Когда Жанна прочла об аресте своего друга, она ни минуты не колебалась и решила собой пожертвовать, только бы его спасти. Узнав из газет, что его везут в Ниццу, она подкараулила поезд, последовала за конвоем на «Виллу Роз» и, когда Анри оттуда перевезли в тюрьму, она явилась к начальнику тюрьмы с просьбой допустить ее на свидание с арестованным. Препятствий не оказалось. Может быть, этому помогла красота молодой женщины, подействовавшая на добродушного смотрителя; может быть, беспечность последнего; может быть, он не считал Дюпона опасным преступником. Жанна не теряла времени: она, оставшись наедине с Анри, потребовала, чтобы тот немедленно поменялся с ней одеждой, вышел бы под вуалью из тюрьмы, прошел бы на квартиру, переоделся и, сев на поезд, выехал бы из Ниццы. Анри послушно стал исполнять ее приказания. Только что они окончили переодеваться, вошел сторож и ввел нового посетителя. Дюпон, прикрываясь черной мантильей, вышел. Новый же посетитель, указав на сидевшую с закрытым руками лицом Жанну, произнес:
— Вот бумага. Мне приказано взять этого преступника. Дайте мне конвойных до вокзала. Наденьте на руки наручники, чтобы он не мог сопротивляться.

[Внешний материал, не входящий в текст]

Variables (n : nat) (a : R) (A : nat -> R -> CC -> CC) (f : R -> CC)
          (D : nat -> R -> CC).
Hypothesis n_pos : (1 <= n)%nat.
Hypothesis a_pos : 0 < a.
Hypothesis D0_f : D 0%nat = f.
Hypothesis D_derivs : Cderivs_on a D.
Hypothesis ode : forall x, -a < x < a -> x <> 0 ->
  Cadd (D n x) (Csum n (fun k => Cmul (A k x (f x)) (D k x))) = C0.
Hypothesis initial_zero : forall k, (k < n)%nat -> D k 0 = C0.
Hypothesis small_coefs : forall k, (k < n)%nat ->
  forall eps, 0 < eps -> exists eta, 0 < eta /\
    forall x, 0 < Rabs x < eta -> Rabs x < a ->
      Cmod (A k x (f x)) <= eps / (Rabs x ^ (n - k)).

Lemma top_derivative_contracts (r M eps : R) :
  0 < eps -> r < a ->
  (forall k, (k < n)%nat -> forall x, 0 < Rabs x <= r ->
     Cmod (A k x (f x)) <= eps / Rabs x ^ (n - k)) ->
  (forall y, -r <= y <= r -> Cmod (D n y) <= M) ->
  forall x, 0 < Rabs x <= r -> Cmod (D n x) <= 2 * INR n * (eps * 2 ^ n * M).
Proof.
  intros Heps Hra Hcoef HM x Hx.
  assert (Hxr : -r <= x <= r) by (split_Rabs; lra).
  assert (HM0 : 0 <= M).
  { apply Rle_trans with (Cmod (D n x)); [apply Cmod_nonneg | apply HM, Hxr]. }
  apply (leading_term_bound n (D n x) (fun k => A k x (f x)) (fun k => D k x)).
  { apply ode; [split_Rabs; lra | intros ->; rewrite Rabs_R0 in Hx; lra]. }
  intros k Hk.
  assert (HDk := vanishing_derivatives_bound a r M n D D_derivs Hra initial_zero HM
                   (n - k) ltac:(lia) x Hxr).
  replace (n - (n - k))%nat with k in HDk by lia.
  assert (Hpow : Rabs x ^ (n - k) <> 0) by (apply pow_nonzero; lra).
  apply Rle_trans with (eps / Rabs x ^ (n - k) * (2 ^ (n - k) * Rabs x ^ (n - k) * M)).
  - apply Rmult_le_compat; auto using Cmod_nonneg.
  - replace (eps / Rabs x ^ (n - k) * (2 ^ (n - k) * Rabs x ^ (n - k) * M))
      with (eps * 2 ^ (n - k) * M) by (field; exact Hpow).
    apply Rmult_le_compat_r; [exact HM0|].
    apply Rmult_le_compat_l; [lra | apply Rle_pow; [lra | lia]].
Qed.

(* Taking eps = 1/(4 n 2^n) and M the maximum of |f^(n)| on a small [-r,r],
   the estimate gives M <= M/2, so M = 0 and then f = 0 on [-r,r]. *)
Lemma complex_case_local :
  exists delta, 0 < delta < a /\ forall x, -delta <= x <= delta -> f x = C0.
Proof.
  assert (Hn : 0 < INR n) by (apply lt_0_INR; lia).
  assert (H2n : 0 < 2 ^ n) by (apply pow_lt; lra).
  set (eps := / (4 * INR n * 2 ^ n)).
  assert (Heps : 0 < eps) by (apply Rinv_0_lt_compat; nra).
  destruct (uniform_threshold n (fun k eta => forall x, 0 < Rabs x < eta -> Rabs x < a ->
      Cmod (A k x (f x)) <= eps / Rabs x ^ (n - k))) as [eta [Heta Hcoef]].
  { intros k e e' He HP x Hx Hxa; apply HP; lra. }
  { intros k Hk; apply (small_coefs k Hk eps Heps). }
  set (r := Rmin (eta / 2) (a / 2)).
  assert (Hr : 0 < r /\ r < a /\ r < eta).
  { assert (r <= eta / 2) by apply Rmin_l; assert (r <= a / 2) by apply Rmin_r.
    assert (0 < r) by (apply Rmin_glb_lt; lra); lra. }
  set (h := fun t => Cmod (D n t)).
  assert (Hcont : forall c, -a < c < a -> continuity_pt h c).
  { intros c Hc; destruct (D_derivs n c Hc) as [Hre Him].
    apply Cmod_continuity_pt;
      [apply (derivable_continuous_pt _ _ (exist _ _ Hre))
      | apply (derivable_continuous_pt _ _ (exist _ _ Him))]. }
  destruct (continuity_ab_maj h (-r) r) as [Mx [HM HMx]];
    [lra | intros; apply Hcont; lra |].
  set (M := h Mx).
  assert (Hhalf : forall x, 0 < Rabs x <= r -> h x <= M / 2).
  { intros x Hx.
    replace (M / 2) with (2 * INR n * (eps * 2 ^ n * M)) by (unfold eps; field; lra).
    apply (top_derivative_contracts r M eps Heps); [lra | | exact HM | exact Hx].
    intros k Hk y Hy; apply Hcoef; [exact Hk | lra | lra]. }
  assert (H0 : h 0 <= M / 2)
    by (apply (bound_extends_to_point h r); [lra | apply Hcont; lra | exact Hhalf]).
  assert (HM0 : M = 0).
  { assert (0 <= M) by apply Cmod_nonneg.
    assert (M <= M / 2); [|lra].
    destruct (Req_dec Mx 0) as [-> | Hne]; [exact H0|].
    apply Hhalf; split; [apply Rabs_pos_lt, Hne | split_Rabs; lra]. }
  exists r; split; [lra|]; intros x Hx.
  assert (Hfx := vanishing_derivatives_bound a r M n D D_derivs (proj1 (proj2 Hr))
                   initial_zero HM n (Nat.le_refl n) x Hx).
  rewrite Nat.sub_diag, D0_f, HM0, Rmult_0_r in Hfx.
  apply Cmod_eq0, Rle_antisym; [exact Hfx | apply Cmod_nonneg].
Qed.

End ComplexCase.

(* The real case is the complex case for functions with zero imaginary part. *)
Lemma real_case_local (n : nat) (a : R) (A : nat -> R -> R -> R) (f : R -> R)
      (D : nat -> R -> R) :
  (1 <= n)%nat -> 0 < a ->
  D 0%nat = f -> derivs_on a D ->
  (forall x, -a < x < a -> x <> 0 ->
     D n x + sum_f_R0 (fun k => A k x (f x) * D k x) (n - 1) = 0) ->
  (forall k, (k < n)%nat -> D k 0 = 0) ->
  (forall k, (k < n)%nat ->
     forall eps, 0 < eps -> exists eta, 0 < eta /\
       forall x, 0 < Rabs x < eta -> Rabs x < a ->
         Rabs (A k x (f x)) <= eps / (Rabs x ^ (n - k))) ->
  exists delta, 0 < delta < a /\ forall x, -delta <= x <= delta -> f x = 0.
Proof.
  intros Hn Ha HD0 Hd Heq Hz Hb; subst f.
  destruct (complex_case_local n a (fun k x z => (A k x (fst z), 0)) (fun x => (D 0%nat x, 0))
              (fun k x => (D k x, 0)) Hn Ha eq_refl) as [delta [Hdelta Hzero]].
  - intros k x Hx; split; [apply Hd, Hx | apply derivable_pt_lim_const].
  - intros x Hx Hx0.
    destruct n as [|m]; [lia|].
    rewrite Csum_components; unfold Cadd, Cmul, C0; cbn [fst snd]; f_equal.
    + etransitivity; [| exact (Heq x Hx Hx0)].
      rewrite Nat.sub_1_r; cbn [Nat.pred]; f_equal.
      apply sum_eq; intros; cbn [fst snd]; ring.
    + rewrite (sum_eq _ (fun _ => 0)) by (intros; ring).
      rewrite sum_cte; ring.
  - intros k Hk; rewrite Hz by exact Hk; reflexivity.
  - intros k Hk eps Heps; destruct (Hb k Hk eps Heps) as [eta [Heta Hsmall]].
    exists eta; split; [exact Heta|]; intros x Hx Hxa.
    cbn [fst]; rewrite Cmod_real; apply Hsmall; assumption.
  - exists delta; split; [exact Hdelta|]; intros x Hx.
    exact (f_equal fst (Hzero x Hx)).
Qed.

Маленькие ручки Жанны были защелкнуты в кандалы. Два жандарма вошли, подхватили ее с двух сторон и повели вслед за неизвестным в полицейском шарфе. На станции жандармы получили по пять франков — выпить за здоровье комиссара, а Жанну ввели в вагон и освободили от кандалов, причем спутник ее ей шепнул:
— Господин Дюпон, я вас спасаю! Доверьтесь мне. Вот записка вашего друга Дюваля!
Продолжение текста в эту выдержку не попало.